_What you will do:_ Copy the data below in full, exactly as it appears.

Collected data entries:
====================

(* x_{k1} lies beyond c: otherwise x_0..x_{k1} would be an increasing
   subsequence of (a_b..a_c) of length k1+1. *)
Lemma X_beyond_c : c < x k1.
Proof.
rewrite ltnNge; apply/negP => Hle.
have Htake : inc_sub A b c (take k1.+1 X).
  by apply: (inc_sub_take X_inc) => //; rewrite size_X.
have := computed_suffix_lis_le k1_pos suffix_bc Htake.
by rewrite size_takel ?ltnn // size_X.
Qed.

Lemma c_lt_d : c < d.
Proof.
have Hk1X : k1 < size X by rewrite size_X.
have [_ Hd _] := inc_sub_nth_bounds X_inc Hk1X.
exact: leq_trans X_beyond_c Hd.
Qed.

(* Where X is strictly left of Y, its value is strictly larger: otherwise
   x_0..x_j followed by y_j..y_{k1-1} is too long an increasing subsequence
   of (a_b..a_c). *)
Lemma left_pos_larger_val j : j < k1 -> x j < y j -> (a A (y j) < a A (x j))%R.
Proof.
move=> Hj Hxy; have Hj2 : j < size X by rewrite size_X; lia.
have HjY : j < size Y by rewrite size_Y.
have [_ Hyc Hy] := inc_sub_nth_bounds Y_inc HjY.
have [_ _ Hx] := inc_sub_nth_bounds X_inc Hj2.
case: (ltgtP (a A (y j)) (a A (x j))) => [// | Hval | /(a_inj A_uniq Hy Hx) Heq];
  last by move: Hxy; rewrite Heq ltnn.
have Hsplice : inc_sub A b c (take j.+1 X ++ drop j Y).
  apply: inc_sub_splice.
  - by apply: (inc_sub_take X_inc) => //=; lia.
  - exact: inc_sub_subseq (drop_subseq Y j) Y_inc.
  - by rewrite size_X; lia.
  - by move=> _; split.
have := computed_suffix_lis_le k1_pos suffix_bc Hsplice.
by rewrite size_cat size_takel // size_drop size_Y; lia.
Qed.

====================

_Solution to this problem:_
(* x_{k1} lies beyond c: otherwise x_0..x_{k1} would be an increasing
   subsequence of (a_b..a_c) of length k1+1. *)
Lemma X_beyond_c : c < x k1.
Proof.
rewrite ltnNge; apply/negP => Hle.
have Htake : inc_sub A b c (take k1.+1 X).
  by apply: (inc_sub_take X_inc) => //; rewrite size_X.
have := computed_suffix_lis_le k1_pos suffix_bc Htake.
by rewrite size_takel ?ltnn // size_X.
Qed.

Lemma c_lt_d : c < d.
Proof.
have Hk1X : k1 < size X by rewrite size_X.
have [_ Hd _] := inc_sub_nth_bounds X_inc Hk1X.
exact: leq_trans X_beyond_c Hd.
Qed.

(* Where X is strictly left of Y, its value is strictly larger: otherwise
   x_0..x_j followed by y_j..y_{k1-1} is too long an increasing subsequence
   of (a_b..a_c). *)
Lemma left_pos_larger_val j : j < k1 -> x j < y j -> (a A (y j) < a A (x j))%R.
Proof.
move=> Hj Hxy; have Hj2 : j < size X by rewrite size_X; lia.
have HjY : j < size Y by rewrite size_Y.
have [_ Hyc Hy] := inc_sub_nth_bounds Y_inc HjY.
have [_ _ Hx] := inc_sub_nth_bounds X_inc Hj2.
case: (ltgtP (a A (y j)) (a A (x j))) => [// | Hval | /(a_inj A_uniq Hy Hx) Heq];
  last by move: Hxy; rewrite Heq ltnn.
have Hsplice : inc_sub A b c (take j.+1 X ++ drop j Y).
  apply: inc_sub_splice.
  - by apply: (inc_sub_take X_inc) => //=; lia.
  - exact: inc_sub_subseq (drop_subseq Y j) Y_inc.
  - by rewrite size_X; lia.
  - by move=> _; split.
have := computed_suffix_lis_le k1_pos suffix_bc Hsplice.
by rewrite size_cat size_takel // size_drop size_Y; lia.
Qed.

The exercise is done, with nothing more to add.